House Considers “Prenatal Nondiscrimination Act,” I.e. the We-Don’t-Trust-Women-Of-Color Act

I’m writing today to ask my fellow women of color reproductive justice activists and our allies to take a united stand against the Susan B. Anthony and Frederick Douglass Prenatal Nondiscrimination Act (PRENDA), a race- and sex-specific anti-abortion bill that went before the House Judiciary Subcommittee on the Constitution today. I cannot repeat enough times the urgency of moving quickly to act in solidarity.

This is a federal version of legislation that a coalition of women-of-color organizations defeated at the local level in Georgia. It attempts to restrict women of color’s access to abortion and prenatal care in the name of “civil rights.” This bill seeks to protect “unborn Americans” by banning race- and sex-selection abortions.

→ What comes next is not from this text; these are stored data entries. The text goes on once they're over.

(* For every integer $n\ge2$, \[ \log g(n)\le \theta\big(P^{+}(g(n))\big)+S(q), \] where $q$ is the prime following $P^{+}(g(n))$ and $S(q)=\sum_{2\le\alpha\le \log(2q)/\log2}\theta(q^{1/\alpha}+1)$ (sum over integers $\alpha$).
   Context: $g(n)$ is the maximal order of an element of $\mathfrak S_n$, i.e. $g(n)=\max\{M\ge1:\ell(M)\le n\}$ with $\ell$ additive, $\ell(1)=0$, $\ell(p^a)=p^a$; $P^{+}(M)$ is the largest prime factor of $M$. $\theta(x)=\sum_{p\le x}\log p$. *)

From Stdlib Require Import Reals.
From mathcomp Require Import all_boot.
Set Implicit Arguments. Unset Strict Implicit. Unset Printing Implicit Defensive.

Definition ell (M : nat) : nat := \sum_(p <- primes M) p ^ logn p M.

Definition is_g (n M : nat) : Prop :=
  (1 <= M)%N /\ (ell M <= n)%N /\
  forall M' : nat, (1 <= M')%N -> (ell M' <= n)%N -> (M' <= M)%N.

Definition Pmaxf (M : nat) : nat := max_pdiv M.

Definition next_prime (p q : nat) : Prop :=
  prime q /\ (p < q)%N /\ forall r : nat, (p < r)%N -> (r < q)%N -> ~~ prime r.

(* For integers k >= 0 and real x: (k <= x) <-> (k < up x).  *)
Definition theta (x : R) : R :=
  \big[Rplus/R0]_(0 <= p < Z.to_nat (up x) | prime p) ln (INR p).

Definition Ssum (q : nat) : R :=
  \big[Rplus/R0]_(2 <= a < Z.to_nat (up (Rdiv (ln (Rmult 2 (INR q))) (ln 2))))
     theta (Rplus (Rpower (INR q) (Rinv (INR a))) 1).

(* Write M = prod_r r^(k_r).  If k_r >= 2 and q is a prime above every prime
   factor of M, then r^(k_r - 1) (r - 1) < q: otherwise trading the factor r
   for q (M -> M q / r) would give a larger integer with no larger ell, against
   the maximality of M = g(n).  Hence 2^(k_r) <= 2q and (r - 1)^a <= q for
   2 <= a <= k_r.  Counting ln M = sum_r k_r ln r layer by layer,
   ln M = sum_r ln r + sum_(a >= 2) sum_(k_r >= a) ln r, the first layer is at
   most theta(P^+(M)) and layer a at most theta(q^(1/a) + 1). *)

From HB Require Import structures.
From Stdlib Require Import Reals Lia Lra.
From mathcomp Require Import all_boot zify.

Set Implicit Arguments.
Unset Strict Implicit.
Unset Printing Implicit Defensive.

HB.instance Definition _ :=
  Monoid.isComLaw.Build R R0 Rplus (fun a b c => esym (Rplus_assoc a b c))
    Rplus_comm Rplus_0_l.

Lemma primes_iota M B : 0 < M -> M < B ->
  primes M = [seq r <- index_iota 0 B | prime r && (r %| M)].
Proof.
move=> M_gt0 MB; apply: (irr_sorted_eq ltn_trans ltnn).
- exact: sorted_primes.
- by apply: sorted_filter; [exact: ltn_trans | exact: iota_ltn_sorted].
move=> r; rewrite mem_primes mem_filter mem_index_iota M_gt0 /=.
case: (prime r) => //=; case rM: (r %| M) => //=.
have := dvdn_leq M_gt0 rM; lia.
Qed.

Lemma ell_iota M B : 0 < M -> M < B ->
  ell M = \sum_(0 <= r < B | prime r) (if r %| M then r ^ logn r M else 0).
Proof.
move=> M_gt0 MB.
by rewrite /ell (primes_iota M_gt0 MB) big_filter big_mkcondr.
Qed.

Lemma ellM x y : 0 < x -> 0 < y -> coprime x y -> ell (x * y) = ell x + ell y.
Proof.
move=> x_gt0 y_gt0 cxy.
have xy_gt0 : 0 < x * y by rewrite muln_gt0 x_gt0.
rewrite (ell_iota xy_gt0 (ltnSn _)) (@ell_iota x (x * y).+1) ?ltnS ?leq_pmulr //.
rewrite (@ell_iota y (x * y).+1) ?ltnS ?leq_pmull // -big_split /=.
apply: eq_bigr => r r_prime; rewrite Euclid_dvdM // lognM //.
case rx: (r %| x); case ry: (r %| y) => //=.
- have : r %| gcdn x y by rewrite dvdn_gcd rx ry.
  by rewrite (eqP cxy) dvdn1 => /eqP r1; rewrite r1 in r_prime.
- by rewrite (@logn_coprime r y) ?addn0 // prime_coprime ?ry.
- by rewrite (@logn_coprime r x) // prime_coprime ?rx.
Qed.

Lemma ell_prime_power p k : prime p -> 0 < k -> ell (p ^ k) = p ^ k.
Proof.
by move=> p_prime k_gt0; rewrite /ell primesX // primes_prime // big_seq1 pfactorK.
Qed.

Lemma prime_of_primes M r : r \in primes M -> prime r.
Proof. by rewrite mem_primes => /andP[]. Qed.

Section Exchange.

Variables (n M q : nat).
Hypothesis gM : is_g n M.
Hypothesis q_prime : prime q.
Hypothesis primes_lt_q : forall r, r \in primes M -> r < q.

Lemma g_exchange r : r \in primes M -> 1 < logn r M ->
  r ^ (logn r M - 1) * (r - 1) < q.
Proof.
move=> rM k_gt1; rewrite ltnNge; apply/negP => q_le.
have [M_gt0 [ellM_le M_max]] := gM.
have r_prime := prime_of_primes rM.
have r_gt1 := prime_gt1 r_prime.
have r_lt_q := primes_lt_q rM.
have [m cop_rm defM] := pfactor_coprime r_prime M_gt0.
move: (logn r M) k_gt1 q_le defM => k k_gt1 q_le defM.
have m_gt0 : 0 < m by move: M_gt0; rewrite defM muln_gt0 => /andP[].
have t_gt0 : 0 < r ^ (k - 1) by rewrite expn_gt0 ltnW.
have r_k : r ^ k = r ^ (k - 1) * r by rewrite -expnSr; congr (_ ^ _); lia.
have cop_qm : coprime q m.
  rewrite prime_coprime //; apply/negP => qm.
  have : q \in primes M by rewrite mem_primes q_prime M_gt0 defM dvdn_mulr.
  by move/primes_lt_q; rewrite ltnn.
have cop_qr : coprime q r by rewrite prime_coprime // gtnNdvd ?prime_gt0.
have ell_M : ell M = ell m + r ^ k.
  rewrite {1}defM ellM ?expn_gt0 ?(ltnW r_gt1) //; last first.
    by rewrite coprime_sym; apply: coprimeXl.
  by rewrite ell_prime_power // ltnW.
have ell_M' : ell (m * q * r ^ (k - 1)) = ell m + q + r ^ (k - 1).
  have mq_gt0 : 0 < m * q by rewrite muln_gt0 m_gt0 prime_gt0.
  have cop_mq_t : coprime (m * q) (r ^ (k - 1)).
    by apply: coprimeXr; rewrite coprimeMl coprime_sym cop_rm cop_qr.
  rewrite (ellM mq_gt0 t_gt0 cop_mq_t).
  rewrite (ellM m_gt0 (prime_gt0 q_prime)) 1?coprime_sym //.
  rewrite ell_prime_power ?subn_gt0 //.
  by rewrite -{1}[q]expn1 ell_prime_power.
have : m * q * r ^ (k - 1) <= M.
  apply: M_max; first by rewrite !muln_gt0 m_gt0 prime_gt0.
  have : r ^ (k - 1) * (r - 1) + r ^ (k - 1) = r ^ k.
    by rewrite r_k mulnBr muln1 subnK // leq_pmulr // ltnW.
  lia.
rewrite defM r_k; move: (r ^ (k - 1)) t_gt0 => t t_gt0; nia.
Qed.

Lemma expn2_logn_le r : r \in primes M -> 2 ^ logn r M <= 2 * q.
Proof.
move=> rM; have r_gt1 := prime_gt1 (prime_of_primes rM).
have q_gt0 := prime_gt0 q_prime.
have k_gt0 : 0 < logn r M by rewrite logn_gt0.
have [k_gt1 | k_le1] := ltnP 1 (logn r M); last first.
  have -> : logn r M = 1 by lia.
  by rewrite expn1 leq_pmulr.
have lt_q := g_exchange rM k_gt1.
move: (logn r M) k_gt1 lt_q => k k_gt1 lt_q.
have : 2 ^ (k - 1) <= r ^ (k - 1) by rewrite leq_exp2r ?subn_gt0.
have : r ^ (k - 1) <= r ^ (k - 1) * (r - 1) by rewrite leq_pmulr // subn_gt0.
have : 2 ^ k = 2 * 2 ^ (k - 1) by rewrite -expnS; congr (_ ^ _); lia.
lia.
Qed.

Lemma predn_expn_le r a : r \in primes M -> 1 < a <= logn r M ->
  (r - 1) ^ a <= q.
Proof.
move=> rM /andP[a_gt1 a_le]; have r_gt1 := prime_gt1 (prime_of_primes rM).
have lt_q := g_exchange rM (leq_trans a_gt1 a_le).
move: (logn r M) a_le lt_q => k a_le lt_q.
have k_gt1 : 1 < k := leq_trans a_gt1 a_le.
have : (r - 1) ^ a <= (r - 1) ^ k by rewrite leq_pexp2l // subn_gt0.
have : (r - 1) ^ k = (r - 1) ^ (k - 1) * (r - 1).
  by rewrite -expnSr; congr (_ ^ _); lia.
have : (r - 1) ^ (k - 1) * (r - 1) <= r ^ (k - 1) * (r - 1).
  by rewrite leq_mul2r leq_exp2r ?leq_subr ?orbT ?subn_gt0.
lia.
Qed.

End Exchange.

Local Open Scope R_scope.

Lemma INR_expn x k : INR (x ^ k) = INR x ^ k.
Proof. by elim: k => [|k IH] //; rewrite expnS mult_INR IH. Qed.

Lemma lt_up_nat k x : INR k <= x -> (k < Z.to_nat (up x))%N.
Proof.
move=> k_le; have [x_lt_up _] := archimed x.
have : (Z.of_nat k < up x)%Z by apply: lt_IZR; rewrite -INR_IZR_INZ; lra.
lia.
Qed.

Lemma ln_le x y : 0 < x -> x <= y -> ln x <= ln y.
Proof.
move=> x_gt0 [x_lt_y | <-]; last exact: Rle_refl.
exact/Rlt_le/ln_increasing.
Qed.

Lemma ln_INR_ge0 k : (0 < k)%N -> 0 <= ln (INR k).
Proof. by move=> k_gt0; rewrite -ln_1; apply: ln_le; [lra | exact/(le_INR 1)/leP]. Qed.

Lemma big_Rle (s : seq nat) (P : pred nat) (F G : nat -> R) :
  (forall i, i \in s -> P i -> F i <= G i) ->
  \big[Rplus/0]_(i <- s | P i) F i <= \big[Rplus/0]_(i <- s | P i) G i.
Proof.
move=> le_FG; rewrite big_seq_cond [X in _ <= X]big_seq_cond.
apply: (big_ind2 Rle); [lra | by move=> *; lra | by move=> i /andP[]; apply: le_FG].
Qed.

Lemma big_Rge0 (s : seq nat) (P : pred nat) (F : nat -> R) :
  (forall i, P i -> 0 <= F i) -> 0 <= \big[Rplus/0]_(i <- s | P i) F i.
Proof. by move=> F_ge0; apply: (big_ind (Rle 0)); [lra | move=> *; lra |]. Qed.

Lemma sum_ln_le_theta (s : seq nat) x : uniq s ->
  (forall r, r \in s -> prime r /\ INR r <= x) ->
  \big[Rplus/0]_(r <- s) ln (INR r) <= theta x.
Proof.
move=> s_uniq s_le; rewrite /theta [X in _ <= X](bigID (fun p => p \in s)) /=.
have -> : \big[Rplus/0]_(0 <= p < Z.to_nat (up x) | prime p && (p \in s))
            ln (INR p) = \big[Rplus/0]_(r <- s) ln (INR r).
  rewrite -big_filter; apply/perm_big/uniq_perm => //.
    exact/filter_uniq/iota_uniq.
  move=> r; rewrite mem_filter mem_index_iota.
  case rs: (r \in s); rewrite ?andbF //.
  by have [-> /lt_up_nat] := s_le r rs.
rewrite -[X in X <= _]Rplus_0_r; apply: Rplus_le_compat_l.
by apply: big_Rge0 => p /andP[/prime_gt0 p_gt0 _]; apply: ln_INR_ge0.
Qed.

Lemma ln_big_prod (s : seq nat) (h : nat -> nat) : (forall r, (0 < h r)%N) ->
  ln (INR (\prod_(r <- s) h r)) = \big[Rplus/0]_(r <- s) ln (INR (h r)).
Proof.
move=> h_gt0; elim: s => [|a s IH]; first by rewrite !big_nil ln_1.
have prod_gt0 : (0 < \prod_(r <- s) h r)%N by apply: prodn_gt0.
by rewrite !big_cons -IH mult_INR ln_mult //; apply/lt_0_INR/ltP.
Qed.

Lemma ln_prime_decomp M : (0 < M)%N ->
  ln (INR M) = \big[Rplus/0]_(r <- primes M) (INR (logn r M) * ln (INR r)).
Proof.
move=> M_gt0; rewrite {1}(prod_prime_decomp M_gt0) prime_decompE big_map /=.
rewrite ln_big_prod; last by case=> [|r] //; rewrite expn_gt0.
rewrite big_seq [RHS]big_seq; apply: eq_bigr => r rM.
by rewrite INR_expn ln_pow //; apply/lt_0_INR/ltP/prime_gt0/(prime_of_primes rM).
Qed.

Lemma iter_Rplus k c : iter k (Rplus c) 0 = INR k * c.
Proof.
elim: k => [|k IH]; first by rewrite Rmult_0_l.
by rewrite iterS IH S_INR; ring.
Qed.

Lemma big_nat_layer k A c : (0 < k < A)%N ->
  INR k * c = c + \big[Rplus/0]_(2 <= a < A) (if (a <= k)%N then c else 0).
Proof.
move=> /andP[k_gt0 k_lt_A].
rewrite (@big_cat_nat _ _ _ k.+1) //= [X in _ + (_ + X)]big1_seq; last first.
  by move=> a; rewrite mem_index_iota; case: ifP => //; lia.
rewrite (@eq_big_nat _ _ _ _ _ _ (fun => c)) => [|a]; last first.
  by rewrite ltnS => /andP[_ ->].
rewrite big_const_nat iter_Rplus.
have -> : INR k = INR (k.+1 - 2) + 1 by rewrite -S_INR; congr INR; lia.
lra.
Qed.

Lemma big_layers (s : seq nat) (k : nat -> nat) (w : nat -> R) A :
  (forall r, r \in s -> (0 < k r < A)%N) ->
  \big[Rplus/0]_(r <- s) (INR (k r) * w r) =
  \big[Rplus/0]_(r <- s) w r +
  \big[Rplus/0]_(2 <= a < A) \big[Rplus/0]_(r <- s | (a <= k r)%N) w r.
Proof.
move=> k_bd; under [X in _ + X]eq_bigr do rewrite big_mkcond.
rewrite exchange_big -big_split; apply: eq_big_seq => r rs /=.
exact: big_nat_layer (k_bd r rs).
Qed.

Lemma INR_le_Rpower_inv_add1 r a q : (0 < a)%N -> (0 < r)%N ->
  ((r - 1) ^ a <= q)%N -> INR r <= Rpower (INR q) (/ INR a) + 1.
Proof.
move=> a_gt0 r_gt0 le_q.
have -> : INR r = INR (r - 1) + 1 by rewrite -S_INR; congr INR; lia.
apply: Rplus_le_compat_r.
have [r_eq1 | r_gt1] := leqP r 1.
  have -> : (r - 1 = 0)%N by lia.
  by apply/Rlt_le/exp_pos.
have a_neq0 : INR a <> 0 by apply: not_0_INR; lia.
have base_gt0 : 0 < INR (r - 1) by apply/lt_0_INR/ltP; lia.
rewrite -[INR (r - 1)]Rpower_1 // -(Rinv_r (INR a)) // -Rpower_mult Rpower_pow //.
apply: Rle_Rpower_l; first by apply/Rlt_le/Rinv_0_lt_compat/lt_0_INR/ltP.
split; first exact: pow_lt.
by rewrite -INR_expn; apply/le_INR/leP.
Qed.

Lemma lt_up_log2 k q : (2 ^ k <= 2 * q)%N ->
  (k < Z.to_nat (up (ln (2 * INR q) / ln 2)))%N.
Proof.
move=> le_2q; apply: lt_up_nat.
have ln2_gt0 : 0 < ln 2 by rewrite -ln_1; apply: ln_increasing; lra.
have : ln (INR (2 ^ k)) <= ln (INR (2 * q)).
  by apply: ln_le; [apply/lt_0_INR/ltP; rewrite expn_gt0 | apply/le_INR/leP].
have INR2 : INR 2 = 2 by rewrite /=; lra.
rewrite INR_expn mult_INR INR2 ln_pow; last lra.
move=> le_ln; apply: (Rmult_le_reg_r (ln 2)) => //.
by rewrite /Rdiv Rmult_assoc Rinv_l; lra.
Qed.

Lemma ln_g_le n M q : is_g n M -> prime q -> (Pmaxf M < q)%N ->
  ln (INR M) <= theta (INR (Pmaxf M)) + Ssum q.
Proof.
move=> gM q_prime P_lt_q; have [M_gt0 _] := gM.
have le_P r : r \in primes M -> (r <= Pmaxf M)%N by move=> rM; apply: max_pdiv_max.
have lt_q r : r \in primes M -> (r < q)%N.
  by move=> rM; apply: leq_ltn_trans (le_P r rM) P_lt_q.
rewrite ln_prime_decomp // (big_layers _ (A := Z.to_nat (up (ln (2 * INR q) / ln 2)))).
  apply: Rplus_le_compat.
    apply: sum_ln_le_theta => [|r rM]; first exact: primes_uniq.
    by split; [exact: prime_of_primes rM | apply/le_INR/leP/le_P].
  apply: big_Rle => a; rewrite mem_index_iota => /andP[a_gt1 _] _.
  rewrite -big_filter; apply: sum_ln_le_theta => [|r].
    exact/filter_uniq/primes_uniq.
  rewrite mem_filter => /andP[a_le rM]; have r_prime := prime_of_primes rM.
  split => //; apply: INR_le_Rpower_inv_add1; [exact: ltnW | exact: prime_gt0 |].
  by apply: (predn_expn_le gM q_prime lt_q rM); rewrite a_gt1.
move=> r rM; rewrite logn_gt0 rM /=.
exact/lt_up_log2/(expn2_logn_le gM q_prime lt_q).
Qed.

Theorem mainTheorem17 (n M q : nat) :
  (2 <= n)%N -> is_g n M -> next_prime (Pmaxf M) q ->
  Rle (ln (INR M)) (Rplus (theta (INR (Pmaxf M))) (Ssum q)).
Proof. by move=> _ gM [q_prime [P_lt_q _]]; apply: ln_g_le gM q_prime P_lt_q. Qed.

However, the argument that fetuses must be protected from the women of color relies on racist stereotypes about entire communities:

  • First, that Black women are selfish, irresponsible, and incapable of making reproductive decisions on their own behalf
  • Second, that Asian women mindlessly reproduce “son preference” and bring “dangerous values” into the country.

This is patently untrue. Black and Asian/Pacific Islander women have consistently fought for the right to make their own decisions about if and when they will have children based on the support networks and resources that are available in their communities. This bill attempts to drive another wedge between women and their reproductive health practitioners. It will exacerbate many of the existing structural barriers that we women of color must overcome in order to access reproductive healthcare. It will put pressure on abortion-care providers to conduct racial profiling on us, requiring them to secondguess our motivations in seeking abortions. It will do nothing to address the entrenched disparities that low-income women of color must navigate every day in seeking reproductive care. It will not contribute to grassroots-level change in Asian communities where we are already working to address the sexist roots of son preference.

This bill has been put forward by members of Congress who consistently vote to decimate funding for reproductive health services and family support programs. This bill is backed by the same anti-abortion group that put out racist billboard campaigns targeting Black communities.

This bill would result in increased scrutiny of the reproductive decision-making of Black, Latina, and Asian/Pacific Islander women. It is an affront our rights to privacy, to bodily autonomy, and to mobilize in concert to create change and solidarity in our communities—based on our priorities and experiences, our visions for the future and our agency.

Click here to contact your Congressperson to tell them that you strongly oppose this racist and anti-woman legislation.

My thanks for the information and advocacy of the National Asian Pacific American Women’s Forum, Trust Black Women, the Leadership Conference on Civil and Human Rights and the grassroots activism of SisterSong NYC, as well as those unidentified warriors whose words and wisdom I am drawing on for this post.

Excerpted with permission from The Abortion Gang.


Rachel Kwan is a twentysomething Asian-Canadian feminist, student, sister, daughter. She has traveled widely in Europe, Canada and the US, always seeking to build connections with women who seek a better world. Her interest in feminism(s) is rooted in engagement with reproductive justice and sex work activists/activism, numerous conversations with amazing political people, and more likely than not, her mother's choice to buy her Lego rather than dolls.